ALBA Synchrotron
The CLEAR spectrometer of CLÆSS beamline has reached the operating status and will be open to users for the next call for proposals.
Hard X-ray spectroscopies, such as X-ray emission (XES) or absorption (XAS) spectroscopy, are unique element specific probes of the local electronic and atomic structure. XAS and XES are the two faces of the same phenomena. In XAS, the samples under study are illuminated with photons of selected energies that originate electronic transitions from occupied to empty levels or to the continuum and the evolution of the absorption coefficient as a function of energy gives access to the local electronic and structural properties. In XES, the samples under study are illuminated with photons of energy well above a selected absorption edge, and it is investigated the decay, i.e. the fluorescence signal following the creation of the core hole as a function of the emitted energy to access complementary information on the local electronic, magnetic and structural properties. For example, an atom ionized at the K shell emits several fluorescence lines denoted Kα, Kβ, Lα, Lβ, etc...
In some cases, the energy dependent photon absorption is monitored by measuring the fluorescence emitted by the excited atoms, arising from the refilling of the core hole by an electron on a higher shell. High resolution XAS can be collected by selecting a particular emission line if the emitted photons are discriminated with a sufficiently good energy resolution (in most of the case it is necessary an energy resolution around or below 1eV).
At CLÆSS, the core level absorption and emission beamline of the ALBA Synchrotron, the CLEAR emission spectrometer, conceived by the former ALBA scientist Konstantin Klementiev, has finally reached the operating status. This has been the result of the collaborative effort of scientists, technicians, and engineers under the leadership of Laura Simonelli. The instrument, that has been engineered in-house and manufactured partially-in house and by local companies, allows to energy-analyze the emitted fluorescence and to resolve with good energy resolution (Fig. 1 right, bottom panel) the signals from the different de-excitation channels. Last but not least, thanks to the combined use of a Mythen unidimensional detector and a silicon diced analyzer, it permits the acquisition of the spectrum on a single-shot basis.
In practice this supposes an enormous boost to the scientific possibilities of the beamlines since it will give access to all the complementary information obtainable by investigating the atomic emission lines and, the rather XAS featureless spectra, obtained with the conventional energy integrated mode, become spectra with fine structure containing key information on electronic levels and magnetic properties. Details on the instrument will be published soon.

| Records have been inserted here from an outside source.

Lemma stage_after x t i : d i < t -> stage x t i = stage x (d i).+1 i.
Proof.
elim: t => [|t IH] lt_t //.
have [<- //|ne] := eqVneq (d i : nat) t.
by rewrite /= ffunE (negbTE ne) IH //; lia.
Qed.

Lemma f160_schedE x i :
  let y := f160_sched d x in
  y i = (if d (prv i) < d i then y (prv i) else x (prv i)) &&
        (if d (nxt i) < d i then y (nxt i) else x (nxt i)).
Proof.
move=> y.
have yE j : y j = stage x (d j).+1 j by rewrite /y f160_sched_stage stage_after.
have stageE j : stage x (d i) j = if d j < d i then y j else x j.
  by case: ltnP => h; [rewrite yE stage_after | rewrite stage_before].
by rewrite yE /= ffunE eqxx /f160 ffunE !stageE.
Qed.

Definition mirror_cfg (x : config n) : config n := [ffun i => x (mirror i)].

Lemma mirror_cfgK : involutive mirror_cfg.
Proof. by move=> x; apply/ffunP => i; rewrite !ffunE mirrorK. Qed.

Lemma f160_sched_mirror x :
  f160_sched (d \o @mirror n) (mirror_cfg x) = mirror_cfg (f160_sched d x).
Proof.
rewrite /f160_sched; elim: (enum 'I_k) x => [|j s IH] x //=; rewrite -IH.
by congr foldl; apply/ffunP => i; rewrite !ffunE prv_mirror nxt_mirror andbC.
Qed.
End Schedule.

Lemma eq_sched_mirror n k k' (d : 'I_n -> 'I_k) (d' : 'I_n -> 'I_k') :
  f160_sched d =1 f160_sched d' -> f160_sched (d \o @mirror n) =1 f160_sched (d' \o @mirror n).
Proof. by move=> eq_sched x; rewrite -[x]mirror_cfgK !f160_sched_mirror eq_sched. Qed.

Section Run.
Variables (n k : nat) (d : 'I_n -> 'I_k) (s : 'I_n -> 'I_n).

Fixpoint run (fuel : nat) (i : 'I_n) : nat :=
  if fuel is f.+1 then (if d (s i) < d i then (run f (s i)).+1 else 0) else 0.

Lemma run_le f i : run f i <= f.
Proof. by elim: f i => [|f IH] i //=; case: ifP => // _; apply: IH. Qed.

Lemma run_drop f i t : t <= run f i -> d (iter t s i) + t <= d i.
Proof.
elim: f i t => [|f IH] i [|t] //=; rewrite ?addn0 //.
case: ifP => // lt_s; rewrite ltnS => /IH; rewrite -iterSr iterS; lia.
Qed.

Lemma run_desc f i t : t < run f i -> d (s (iter t s i)) < d (iter t s i).
Proof.
elim: f i t => [|f IH] i t //=.
by case: ifP => // lt_s; case: t => [|t] //=; rewrite ltnS => /IH; rewrite -iterSr iterS.
Qed.

Lemma run_stable f i : run f i < f -> run f.+1 i = run f i.
Proof. by elim: f i => [|f IH] i //=; case: ifP => // _; rewrite ltnS => /IH /= ->. Qed.

(* Fuel n suffices: a chain of strictly earlier updates cannot close up around
   the cycle. *)
Definition run_len i := run n i.

Hypothesis iter_s_n : forall i, iter n s i = i.

Lemma run_len_lt i : run_len i < n.
Proof.
rewrite ltn_neqAle run_le andbT; apply/eqP => full.
have := @run_drop n i n; rewrite -/(run_len i) full iter_s_n leqnn.
by have := ord_pos i; lia.
Qed.

Lemma run_lenE i : run_len i = if d (s i) < d i then (run_len (s i)).+1 else 0.
Proof.
have n_gt0 := ord_pos i.
rewrite /run_len -[X in run X i](prednK n_gt0) /=; case: ifP => // lt_s.
congr _.+1; rewrite -[in RHS](prednK n_gt0); apply/esym/run_stable.
rewrite ltn_neqAle run_le andbT.
apply/eqP => full; have := @run_drop n.-1 (s i) n.-1.
by rewrite full leqnn -iterSr prednK // iter_s_n; lia.
Qed.

Lemma run_len_full i : 1 < n -> run_len i = n.-1 -> d (iter n.-1 s i) < d i.
Proof. by move=> lt1n full; have := @run_drop n i n.-1; rewrite -/(run_len i) full leqnn; lia. Qed.
End Run.

Section Dependency.
Variables (n k : nat) (d : 'I_n -> 'I_k).
Implicit Types i j p : 'I_n.

Definition after_prv i := d (prv i) < d i.
Definition after_nxt i := d (nxt i) < d i.

Definition lrun i := run_len d (@prv n) i.
Definition rrun i := run_len d (@nxt n) i.

Lemma lrunE i : lrun i = if after_prv i then (lrun (prv i)).+1 else 0.
Proof. exact/run_lenE/iter_prv_n. Qed.
Lemma rrunE i : rrun i = if after_nxt i then (rrun (nxt i)).+1 else 0.
Proof. exact/run_lenE/iter_nxt_n. Qed.

Lemma lrun_lt i : lrun i < n.
Proof. exact/run_len_lt/iter_prv_n. Qed.
Lemma rrun_lt i : rrun i < n.
Proof. exact/run_len_lt/iter_nxt_n. Qed.

Lemma lrun_gt0 i : (0 < lrun i) = after_prv i.
Proof. by rewrite lrunE; case: ifP. Qed.
Lemma rrun_gt0 i : (0 < rrun i) = after_nxt i.
Proof. by rewrite rrunE; case: ifP. Qed.

Definition single_zero p : config n := [ffun j => j != p].

(* Offsets o = p - i (mod n) of the cells p on which the value at cell i depends,
   given m = lrun i and r = rrun i: left_dep is {-(m+1)} together with
   [-(m-1), 0] when m > 0, right_dep is [0, r-1] together with {r+1}. *)
Definition left_dep (m o : nat) : Prop := (o = 0 /\ 0 < m) \/ n < o + m \/ o + m.+1 = n.
Definition right_dep (r o : nat) : Prop := o < r \/ o = r.+1.
Definition dep (m r o : nat) : Prop := left_dep m o \/ right_dep r o.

The CLEAR spectrometer, still under commissioning, is planned to be open to user operation from the next proposals call. We are confident that this instrument will generate a significant advancement in revealing the usually hidden details of the electronic structure of materials.
Figure 1 shows on the left a sketch of the CLEAR spectrometer with, at the lower right, a picture of the presently operating Si(1,1,1) dynamically bent diced analyzer. This instrument is foreseen to work, like the other existing emission spectrometer, in Rowland circle geometry, but, differently from the others, to cover continuously between 2 and 22 keV by means of 4 analyzer crystals (with different crystals reflections) in fully back of forward scattering geometries, exploiting a working wide Bragg angular range (30°-80°). The energy resolution and photon intensity (focal properties) are ensured by the diced analyzer and the analyzer dynamical sagittal bending. While only the Si(1,1,1) analyzer reflection is at the moment available, other analyzers are underway starting from the Si(2,2,0) reflection.
While figure 1 (right) reports an example of recently measured Co Kβ emission lines, Figure 2 shows an example of high resolution absorption spectra collected by selecting the Co Kβ1,3 emission energy and scanning the incoming energy across the Co K-edge. The combination of a unidimensional detector and a diced analyzer permitted the acquisition of the emission spectrum during the incoming energy scan on a single-shot basis (inset in Fig. 2: 2D plot representing the spectral intensity as a function of the emitted (or transferred) and incoming photon energy across the absorption pre-peak). The 2D plots reveal two different final states, not detectable by the classical XAS.